● What is required
How do the records below read from their first line through the line containing "S (snd (st i)))"? Write those lines out exactly.

···

(* Let $s$ be the number of targeted indices, and suppose each targeted index receives at most $\ell_M$ good insertions. Then the algorithm's total RB cost for good insertions into targeted indices is $O\big(\ell_M^2\sqrt{s\,\mathcal{B}}\big)$, where $\mathcal{B}$ is the adversary's total RB cost.
   Context: Model. A hash table has $t$ indices with chaining. The objects at an index form a list, new objects are appended at the tail, and $L_i$ denotes the current number of objects in the list at index $i$. Under the algorithm \textsc{Depth Charge}, inserting an object at index $i$ costs the inserter an RB (resource-burning) cost of $L_i+1$. Objects inserted by clients are good objects and are placed at uniformly random indices. Objects inserted by the adversary are bad objects and are placed at indices of its choosing. The algorithm's RB cost is the total cost paid by clients, and $\mathcal{B}$ is the total cost paid by the adversary. $\ell_M$ is the maximum, over indices, of the maximum number of good objects ever present in that index. A targeted index is an index containing at least one bad object and at least one good object. *)

From Stdlib Require Import Reals List Arith Bool.
Import ListNotations.
Open Scope bool_scope.

(* An operation on the hash table.  [Ins g i]: insertion of an object at
   index i; g = true for a good (client) object, g = false for a bad
   (adversarial) object.  [Del g i]: removal of one good (g = true) or bad
   (g = false) object from index i (a no-op if there is none).  Only the
   numbers of good / bad objects at each index matter for the costs. *)
Inductive event : Type :=
| Ins (good : bool) (i : nat)
| Del (good : bool) (i : nat).

Definition ev_index (e : event) : nat :=
  match e with Ins _ i => i | Del _ i => i end.

(* state: index |-> (number of good objects, number of bad objects) *)
Definition state := nat -> nat * nat.

Definition empty_state : state := fun _ => (0, 0).

Definition upd (st : state) (i : nat) (p : nat * nat) : state :=
  fun j => if Nat.eqb j i then p else st j.

Definition step (st : state) (e : event) : state :=
  match e with
  | Ins true i  => upd st i (S (fst (st i)), snd (st i))
  | Ins false i => upd st i (fst (st i), S (snd (st i)))
  | Del true i  => upd st i (pred (fst (st i)), snd (st i))
  | Del false i => upd st i (fst (st i), pred (snd (st i)))
  end.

···

● Output for this exercise
(* Let $s$ be the number of targeted indices, and suppose each targeted index receives at most $\ell_M$ good insertions. Then the algorithm's total RB cost for good insertions into targeted indices is $O\big(\ell_M^2\sqrt{s\,\mathcal{B}}\big)$, where $\mathcal{B}$ is the adversary's total RB cost.
   Context: Model. A hash table has $t$ indices with chaining. The objects at an index form a list, new objects are appended at the tail, and $L_i$ denotes the current number of objects in the list at index $i$. Under the algorithm \textsc{Depth Charge}, inserting an object at index $i$ costs the inserter an RB (resource-burning) cost of $L_i+1$. Objects inserted by clients are good objects and are placed at uniformly random indices. Objects inserted by the adversary are bad objects and are placed at indices of its choosing. The algorithm's RB cost is the total cost paid by clients, and $\mathcal{B}$ is the total cost paid by the adversary. $\ell_M$ is the maximum, over indices, of the maximum number of good objects ever present in that index. A targeted index is an index containing at least one bad object and at least one good object. *)

From Stdlib Require Import Reals List Arith Bool.
Import ListNotations.
Open Scope bool_scope.

(* An operation on the hash table.  [Ins g i]: insertion of an object at
   index i; g = true for a good (client) object, g = false for a bad
   (adversarial) object.  [Del g i]: removal of one good (g = true) or bad
   (g = false) object from index i (a no-op if there is none).  Only the
   numbers of good / bad objects at each index matter for the costs. *)
Inductive event : Type :=
| Ins (good : bool) (i : nat)
| Del (good : bool) (i : nat).

Definition ev_index (e : event) : nat :=
  match e with Ins _ i => i | Del _ i => i end.

(* state: index |-> (number of good objects, number of bad objects) *)
Definition state := nat -> nat * nat.

Definition empty_state : state := fun _ => (0, 0).

Definition upd (st : state) (i : nat) (p : nat * nat) : state :=
  fun j => if Nat.eqb j i then p else st j.

Definition step (st : state) (e : event) : state :=
  match e with
  | Ins true i  => upd st i (S (fst (st i)), snd (st i))
  | Ins false i => upd st i (fst (st i), S (snd (st i)))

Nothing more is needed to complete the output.